In spite of the hysterical cries from the GOP, the White House has made it clear that Obama will take consequential action to break the Republican-controlled House of Representatives' chokehold on immigration reform. The president will issue executive orders that will protect millions of undocumented immigrants from deportation.

Much has been discussed of the supposedly dire consequences of such moves -- the end of ephemeral bipartisanship opportunities, a supposed general "poisoning of the waters," even the need to impeach the president -- yet little has been said of the positive outcomes.

The Tea Party-infused Republican majority, to begin with, will have been dealt a serious defeat -- a boon to all Americans, not just Democrats.

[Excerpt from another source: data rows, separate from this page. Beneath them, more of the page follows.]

Lemma pade_kernel_trivial (V : {poly R}) :
  (size V <= m)%N -> (forall r, (r < m)%N -> (V * F)`_(m.+1 + r) = 0) -> V = 0.
Proof.
move=> hVs hVF; have hcross := pade_cross hVs hVF.
set A := take_poly m.+1 (V * F) in hcross.
have /dvdpP [D hD] := pade_divides hcross.
have hPnz : P != 0 by apply: contra hP0 => /eqP ->; rewrite coef0.
apply/eqP; apply: contraT => hV0.
have hDnz : D != 0 by apply: contra hV0; rewrite hD => /eqP ->; rewrite mul0r.
have hA : A = D * Q by apply: (mulfI hPnz); rewrite -hcross hD; ring.
case: pade_degree => [hPm | hQm].
  have := size_poly_gt0 D; rewrite hDnz => hD0.
  by move: hVs; rewrite hD size_mul // hPm; set u := size D; lia.
have hQnz : Q != 0 by rewrite -size_poly_gt0 hQm.
have := size_take_poly m.+1 (V * F); rewrite -/A hA size_mul // hQm.
have := size_poly_gt0 D; rewrite hDnz => hD0.
by set u := size D; lia.
Qed.

End PadeUniqueness.

Section PadeSystem.
Variable C : numClosedFieldType.
Variables (m K : nat) (s : nat -> C).
Hypothesis hK : (2 * m + 2 <= K)%N.

Lemma Fmx_fn (r j : 'I_m) : Fmx s m.+1 m r j = fn s (m.+1 + r - j).
Proof.
by rewrite mxE subzn ?Fk_fn //; have := ltn_ord j; lia.
Qed.

(* If P Phi = Q mod X^K with P(0) = 1, deg P <= m and deg Q <= m+1, the
   coefficients m+2, ..., 2m+1 of P Phi vanish: (P_1, ..., P_m) solves the
   linear system with matrix bold F and right-hand side -(F_(m+2), ..., F_(2m+1)). *)
Lemma pade_system (P Q : {poly C}) :
  P`_0 = 1 -> (size P <= m.+1)%N -> (size Q <= m.+2)%N ->
  congX K (P * Phi K s) Q ->
  forall r : 'I_m, \sum_(j < m) Fmx s m.+1 m r j * P`_j.+1 = - Fk s (m.+1 + r.+1)%:Z.
Proof.
move=> hP0 hPs hQs /congXP hPQ r; set n := (m.+1 + r.+1)%N.
have hn : (n < K)%N by rewrite /n; have := ltn_ord r; lia.
have := hPQ n hn; rewrite (coefM_small _ hPs) ?big_ord_recl; last by rewrite /n; lia.
rewrite hP0 mul1r [RHS]nth_default; last by rewrite (leq_trans hQs) // /n; lia.
move/eqP; rewrite addrC addr_eq0 => /eqP; rewrite coef_poly hn subn0 Fk_fn => <-.
apply: eq_bigr => j _; rewrite Fmx_fn mulrC coef_poly lift0.
have -> : (n - j.+1 = m.+1 + r - j)%N by rewrite /n addnS subSS.
by rewrite ifT //; have := ltn_ord j; lia.
Qed.

Lemma Fmx_singular_kernel :
  \det (Fmx s m.+1 m) = 0 ->
  exists2 V : {poly C}, (V != 0) && (size V <= m)%N &
    forall r, (r < m)%N -> (V * Phi K s)`_(m.+1 + r) = 0.
Proof.
move=> hdet; have /det0P [v hv0 hv] : \det (Fmx s m.+1 m)^T == 0 by rewrite det_tr hdet.
exists (rVpoly v).
  apply/andP; split; last exact: size_poly.
  by apply: contra hv0 => /eqP h; rewrite -[v]rVpolyK h linear0.
move=> r hr; rewrite (coefM_small _ (size_poly _ _)); last by lia.
have := congr1 (fun M : 'rV_m => M 0 (Ordinal hr)) hv; rewrite !mxE => h.
rewrite -[RHS]h; apply: eq_bigr => j _.
rewrite coef_rVpoly_ord mxE Fmx_fn /= coef_poly ifT //.
by have := ltn_ord j; lia.
Qed.

Lemma Fmx_nonsingular (P Q B W : {poly C}) (g : C) :
  P`_0 != 0 -> g != 0 -> (size P <= m.+1)%N -> (size Q <= m.+2)%N ->
  (size B <= m.+2)%N -> (size W <= 3)%N ->
  congX K (P * Phi K s) Q -> Q * B - W * P ^+ 2 = g *: 'X^(2 * m + 2) ->
  \det (Fmx s m.+1 m) != 0.
Proof.
move=> hP0 hg hPs hQs hBs hWs hPF hid.
apply/eqP => /Fmx_singular_kernel [V /andP[hV0 hVs] hVF]; move/negP: hV0; apply.
have hPF' : congX (2 * m + 1) (P * Phi K s) Q by apply: (congX_le _ hPF); lia.
by rewrite (pade_kernel_trivial hPF' hP0 hg hPs hQs hBs hWs hid hVs hVF).
Qed.

Lemma det_Fimx (q : 'I_m -> C) (i : 'I_m) :
  (forall r : 'I_m, \sum_(j < m) Fmx s m.+1 m r j * q j = - Fk s (m.+1 + r.+1)%:Z) ->
  \det (Fimx s m.+1 i) = \det (Fmx s m.+1 m) * q i.
Proof.
move=> hsys; rewrite -(cramer i hsys); congr (\det _).
by apply/matrixP => r j; rewrite !mxE.
Qed.

End PadeSystem.

Theorem theorem2 (C : numClosedFieldType) (m : nat) (a b c d : C)
    (T U : {poly C}) (x y : 'I_m -> C) :
  size T = (2 * m + 2).+1 ->
  (size U <= 2 * m + 1)%N ->
  T ^+ 2 - Hpoly a b c d * U ^+ 2 = 1 ->
  (a - c) * (a - d) * \prod_(j < m) (a - x j) ^+ 2 != 0 ->
  (c - a) * (c - b) * \prod_(j < m) (c - y j) ^+ 2 != 0 ->
  T = 1 - (2 / ((a - c) * (a - d) * \prod_(j < m) (a - x j) ^+ 2)) *:
            (('X - c%:P) * ('X - d%:P) * \prod_(j < m) ('X - (x j)%:P) ^+ 2) ->
  T = -1 + (2 / ((c - a) * (c - b) * \prod_(j < m) (c - y j) ^+ 2)) *:
            (('X - a%:P) * ('X - b%:P) * \prod_(j < m) ('X - (y j)%:P) ^+ 2) ->
  let s := sk a b c d in
  \det (Fmx s m.+1 m) != 0 /\
  (\det (Fmx s m.+1 m))%:P * 'X^m
    + \sum_(i < m) (\det (Fimx s m.+1 i))%:P * 'X^(m - i.+1)
  = (\det (Fmx s m.+1 m)) *: \prod_(j < m) ('X - (x j)%:P).
Proof.
move=> _ _ _ _ hc hT1 hT2 s; set K := (2 * m + 2)%N.
set P := prod_lin x; set Y := prod_lin y.
have hbe : 2 / ((c - a) * (c - b) * \prod_(j < m) (c - y j) ^+ 2) != 0.
  by rewrite mulf_neq0 ?invr_eq0 // pnatr_eq0.
have := reversed_identity hbe (etrans (esym hT1) hT2); rewrite -/P -/Y.
set g := 2 / _ => hid; have hg : g != 0 by rewrite mulf_neq0 ?invr_eq0 // pnatr_eq0.
have hP0 : P`_0 = 1 by apply: prod_lin0.
have hPF : congX K (P * Phi K s) (lin a * Y).
  apply: pade_congruence; rewrite ?prod_lin0 //.
  by rewrite /congX hid -mul_polyC dvdp_mull.
have hsys := pade_system (leqnn K) hP0 (size_prod_lin x) (size_lin_prod_lin y a) hPF.
split.
  apply: (Fmx_nonsingular (leqnn K) (B := lin b * Y) (W := lin c * lin d) _ hg
            (size_prod_lin x) (size_lin_prod_lin y a) (size_lin_prod_lin y b) _ hPF).
  - by rewrite hP0 oner_eq0.
  - rewrite (leq_trans (size_mul_leq _ _)) //; have := size_lin c; have := size_lin d.
    by set u := size (lin c); set v := size (lin d); lia.
  - by rewrite -hid -/P -/Y; ring.
(* Step 5: Cramer's rule and reading the coefficients of P backwards. *)
under eq_bigr do rewrite (det_Fimx _ hsys) polyCM -mulrA.
rewrite (prod_XsubC_rev x) -/P big_ord_recl hP0 subn0 polyC1 mul1r -mul_polyC mulrDr.
by rewrite mulr_sumr; under [in RHS]eq_bigr do rewrite lift0.
Qed.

Tea Party extremism -- for example, the bizarre threat last year to the full faith and credit of the United States in trying to block a raise of the debt ceiling; and the shutdown of the government, ostensibly to achieve the impossible goal of destroying the Affordable Care Act through such an action -- has been responsible for a slew of national self-inflicted wounds to all Americans. Such anarchistic actions had the effect of crashing consumer and business confidence at a time when the economy was gathering steam.

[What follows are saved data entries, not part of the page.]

Lemma alphaN_lift n z i : (i <= n)%nat -> alphaN n (lift n z) i = z i.
Proof.
  intros Hi. unfold alphaN. rewrite lift_low, lift_last by auto.
  pose proof (lift_norm_pos n z). field. lra.
Qed.

Lemma dot_lift_l n z w : dot n (lift n z) w = dot n z w / lift_norm n z.
Proof.
  rewrite (dot_ext_l n (lift n z) (scale (/ lift_norm n z) z)).
  - rewrite dot_scale_l. unfold Rdiv; ring.
  - intros i Hi. rewrite lift_low by auto. unfold scale, Rdiv; ring.
Qed.

Lemma dot_lift n a b :
  dot (S n) (lift n a) (lift n b) = (dot n a b + 1) / (lift_norm n a * lift_norm n b).
Proof.
  rewrite dot_S, !lift_last, dot_lift_l, dot_sym, dot_lift_l, dot_sym.
  pose proof (lift_norm_pos n a); pose proof (lift_norm_pos n b). field; lra.
Qed.

Lemma lift_sphere n z : sphere (S n) (lift n z).
Proof.
  unfold sphere. rewrite dot_lift, lift_norm_sq. pose proof (dot_nonneg n z). field. lra.
Qed.

(* A point of the upper hemisphere is P_{n+1} times (alpha P, 1). *)
Lemma dot_alphaN n P th : dot n (alphaN n P) th = dot n P th / P (S n).
Proof.
  rewrite (dot_ext_l n (alphaN n P) (scale (/ P (S n)) P)).
  - rewrite dot_scale_l. unfold Rdiv; ring.
  - intros; unfold alphaN, scale, Rdiv; ring.
Qed.

Lemma dot_upper n P Q : P (S n) <> 0 -> Q (S n) <> 0 ->
  dot (S n) P Q = P (S n) * Q (S n) * (dot n (alphaN n P) (alphaN n Q) + 1).
Proof.
  intros HP HQ.
  rewrite dot_S, dot_alphaN, (dot_sym n P (alphaN n Q)), dot_alphaN, (dot_sym n Q P).
  field. auto.
Qed.

Lemma lifted_body_iff n g P : lifted_body n g P <->
  sphere (S n) P /\ P (S n) > 0 /\ Wulff n g (alphaN n P).
Proof.
  split.
  - intros [H1 [H2 [x [Hx He]]]]. repeat split; auto.
    apply (wulff_ext n g x); auto. intros i Hi. rewrite He by lia.
    unfold IdMap. rewrite (proj2 (Nat.leb_le i n) Hi). auto.
  - intros [H1 [H2 H3]]. repeat split; auto. exists (alphaN n P); split; auto.
    intros i Hi. unfold IdMap. destruct (Nat.leb i n) eqn:E; auto.
    apply Nat.leb_gt in E. assert (i = S n) by lia. subst.
    unfold alphaN. field. lra.
Qed.

Lemma lift_in_lifted_body n g z : lifted_body n g (lift n z) <-> Wulff n g z.
Proof.
  rewrite lifted_body_iff. split.
  - intros [_ [_ H]]. apply (wulff_ext n g (alphaN n (lift n z))); auto.
    intros; apply alphaN_lift; auto.
  - intros H. split; [apply lift_sphere|]. split; [apply lift_last_pos|].
    apply (wulff_ext n g z); auto. intros; symmetry; apply alphaN_lift; auto.
Qed.

Lemma sdist_upper_le n P Q : P (S n) > 0 -> Q (S n) > 0 ->
  (sdist (S n) P Q <= PI / 2 <-> dot n (alphaN n P) (alphaN n Q) >= -1).
Proof.
  intros HP HQ. unfold sdist. rewrite acos_le_PI2_iff, dot_upper by lra.
  assert (Hpq : 0 < P (S n) * Q (S n)) by (apply Rmult_lt_0_compat; lra).
  split; intros H; nra.
Qed.

Lemma sdist_upper_eq n P Q : P (S n) > 0 -> Q (S n) > 0 ->
  (sdist (S n) P Q = PI / 2 <-> dot n (alphaN n P) (alphaN n Q) = -1).
Proof.
  intros HP HQ. unfold sdist. rewrite acos_eq_PI2_iff, dot_upper by lra.
  split; intros H.
  - apply Rmult_integral in H. destruct H as [H|H]; [|lra].
    apply Rmult_integral in H. lra.
  - rewrite H; ring.
Qed.

(** * The boundary of the lifted body *)

(* The cone over W_gamma x {1}: the homogeneous form of the Wulff inequalities. *)
Definition in_cone (n : nat) (g : vec -> R) (P : vec) : Prop :=
  forall th, sphere n th -> dot n P th <= P (S n) * g th.

Lemma lifted_body_cone_iff n g P : lifted_body n g P <->
  sphere (S n) P /\ P (S n) > 0 /\ in_cone n g P.
Proof.
  rewrite lifted_body_iff. split; intros [Hs [Hl H]]; repeat split; auto;
    intros th Hth; specialize (H th Hth); rewrite ?dot_alphaN in *.
  - apply Rmult_le_reg_r with (/ P (S n)); [apply Rinv_0_lt_compat; lra|].
    replace (P (S n) * g th * / P (S n)) with (g th) by (field; lra). exact H.
  - apply Rmult_le_reg_r with (P (S n)); [lra|].
    replace (dot n P th / P (S n) * P (S n)) with (dot n P th) by (field; lra). lra.
Qed.

Lemma lift_ray_continuous n x t eps : eps > 0 -> exists d, d > 0 /\
  forall s, Rabs (s - t) < d -> edist (S n) (lift n (scale t x)) (lift n (scale s x)) < eps.
Proof.
  intros He. set (X := dot n x x). assert (HX : 0 <= X) by apply dot_nonneg.
  set (F := fun s => (t*s*X+1) / (sqrt(1+t*t*X) * sqrt(1+s*s*X))).
  assert (HF : continuity_pt F t).
  { unfold F. reg. nra.
    assert (0 < sqrt (1 + t*t*X)) by (apply sqrt_lt_R0; nra). nra. }
  assert (HFt : F t = 1) by (unfold F; rewrite sqrt_sqrt by nra; field; nra).
  assert (HFs : forall s, dot (S n) (lift n (scale t x)) (lift n (scale s x)) = F s).
  { intros s. rewrite dot_lift. unfold lift_norm, F. rewrite !dot_scale_l, !dot_scale_r.
    fold X. f_equal; [ring|]. f_equal; f_equal; f_equal; ring. }
  destruct (HF (eps * eps / 2)) as [d [Hd Hd2]].
  { apply Rlt_gt, Rdiv_lt_0_compat; nra. }
  exists d. split; auto. intros s Hs.
  destruct (Req_dec s t) as [->|Hne]; [rewrite edist_self; lra|].
  specialize (Hd2 s (conj (conj I (not_eq_sym Hne)) Hs)).
  simpl in Hd2. unfold R_dist in Hd2. rewrite HFt in Hd2. apply Rabs_def2 in Hd2.
  rewrite edist_unit, HFs by apply lift_sphere.
  rewrite <- (sqrt_square eps) by lra. apply sqrt_lt_1_alt.
  pose proof (cauchy_schwarz_unit (S n) _ _ (lift_sphere n (scale t x))
                (lift_sphere n (scale s x))) as Hcs.
  rewrite HFs in Hcs. pose proof (Rle_abs (F s)). split; lra.
Qed.

Lemma ray_meets_boundary n g : positive_on_sphere n g -> forall x, ~ Wulff n g x ->
  exists t, 0 <= t < 1 /\ Wulff n g (scale t x) /\
    sph_boundary (S n) (lifted_body n g) (lift n (scale t x)).
Proof.
  intros Hpos x Hx.
  set (E := fun s => 0 <= s <= 1 /\ Wulff n g (scale s x)).
  assert (E0 : E 0) by (split; [lra | apply wulff_origin; auto]).
  destruct (completeness E) as [t Ht].
  { exists 1. intros s [Hs _]; lra. }
  { exists 0; auto. }
  assert (t0 : 0 <= t) by (apply (proj1 Ht); auto).
  assert (t1 : t <= 1) by (apply (proj2 Ht); intros s [Hs _]; lra).
  assert (HWt : Wulff n g (scale t x))
    by (apply (wulff_scale_lub n g x E t Hpos t0); auto; intros l [_ Hl]; auto).
  assert (tlt : t < 1).
  { destruct (Req_dec t 1) as [->|]; [|lra]. exfalso. apply Hx.
    apply (wulff_ext n g (scale 1 x)); auto. intros; unfold scale; ring. }
  exists t. split; [lra|]. split; auto.
  split; [apply lift_sphere|]. intros eps Heps. split.
  - exists (lift n (scale t x)). split; [apply lift_sphere|]. split.
    + apply lift_in_lifted_body; auto.
    + rewrite edist_self; lra.
  - destruct (lift_ray_continuous n x t eps Heps) as [d [Hd Hd2]].
    set (s := t + Rmin d (1 - t) / 2).
    assert (0 < Rmin d (1 - t)) by (apply Rmin_pos; lra).
    pose proof (Rmin_l d (1 - t)); pose proof (Rmin_r d (1 - t)).
    exists (lift n (scale s x)). split; [apply lift_sphere|]. split.
    + rewrite lift_in_lifted_body. intros Hw.
      assert (Hs : s <= t) by (apply (proj1 Ht); split; [unfold s; lra | auto]).
      unfold s in Hs; lra.
    + apply Hd2. unfold s. rewrite Rabs_right; lra.
Qed.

Obama's immigration actions will isolate the extremists. As that faction will propose ever-escalating responses to executive action, the GOP leadership will be faced with the unpalatable choice between surrendering to the far right -- and with that capitulation abandoning any hope of positioning the party as a serious, governing party for 2016 -- or acquiescing to Obama and alienating the GOP primary electorate, just as the 2016 horse race gets started.

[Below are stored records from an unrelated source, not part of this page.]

Section Hamiltonian.
Variables (R : realType) (N : nat).
Local Notation C := R[i].
Local Notation vec := (basis N -> C).
Implicit Types (Om del : R) (J : 'I_N -> 'I_N -> R) (v : vec) (s t : basis N).

Definition zsign (i : 'I_N) s : R := if s i then -1 else 1.

Definition zz_energy J s : R :=
  \sum_(i < N) \sum_(j < N | (i < j)%N) J i j * (zsign i s * zsign j s).

Definition diag_energy del J s : R := del * \sum_(i < N) zsign i s + zz_energy J s.

Lemma sigzE i v s : sigz i v s = (zsign i s)%:C * v s.
Proof. by rewrite /sigz /zsign; case: (s i); rewrite ?rmorphN rmorph1. Qed.

Lemma ham_flipE Om del J v s :
  ham Om del J v s = Om%:C * \sum_i v (flip i s) + (diag_energy del J s)%:C * v s.
Proof.
rewrite /ham /sigx /diag_energy /zz_energy -addrA rmorphD mulrDl !rmorphM -mulrA.
congr (_ + (_ * _ + _)).
  by rewrite rmorph_sum mulr_suml; apply: eq_bigr => i _; rewrite sigzE.
rewrite !rmorph_sum mulr_suml; apply: eq_bigr => i _.
rewrite rmorph_sum mulr_suml; apply: eq_bigr => j _.
by rewrite !sigzE !rmorphM !mulrA [_ * (zsign i s)%:C]mulrC.
Qed.

Lemma sum_mul_delta v s : \sum_t v t * ((s == t)%:R : C) = v s.
Proof.
rewrite (bigD1 s) //= eqxx mulr1 big1 ?addr0 // => t /negPf.
by rewrite eq_sym => ->; rewrite mulr0.
Qed.

Definition ham_kernel Om del J t s : C :=
  (Om * \sum_i (flip i s == t)%:R + diag_energy del J s * (s == t)%:R)%:C.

Another outcome of the president's immigration executive actions will be an economic stimulus. The Congressional Budget Office and several studies have projected significant gains to the American economy from legalization of immigrants. Dr. Raúl Hinojosa-Ojeda, a professor at the University of California, Los Angeles and the author of "The Economic Benefits of Comprehensive Immigration Reform," published in the Cato Journal, projects an incremental $1.5 trillion boost to the economy resulting from the legalization of undocumented immigrants.

Considering that the Republican Party is still pushing for a European-style federal budget of austerity, which has proven nothing short of a disaster for the European Union, we are going to need all the stimulus we can get to keep positive economic momentum, thereby growing our gross domestic product and continuing to drive down unemployment.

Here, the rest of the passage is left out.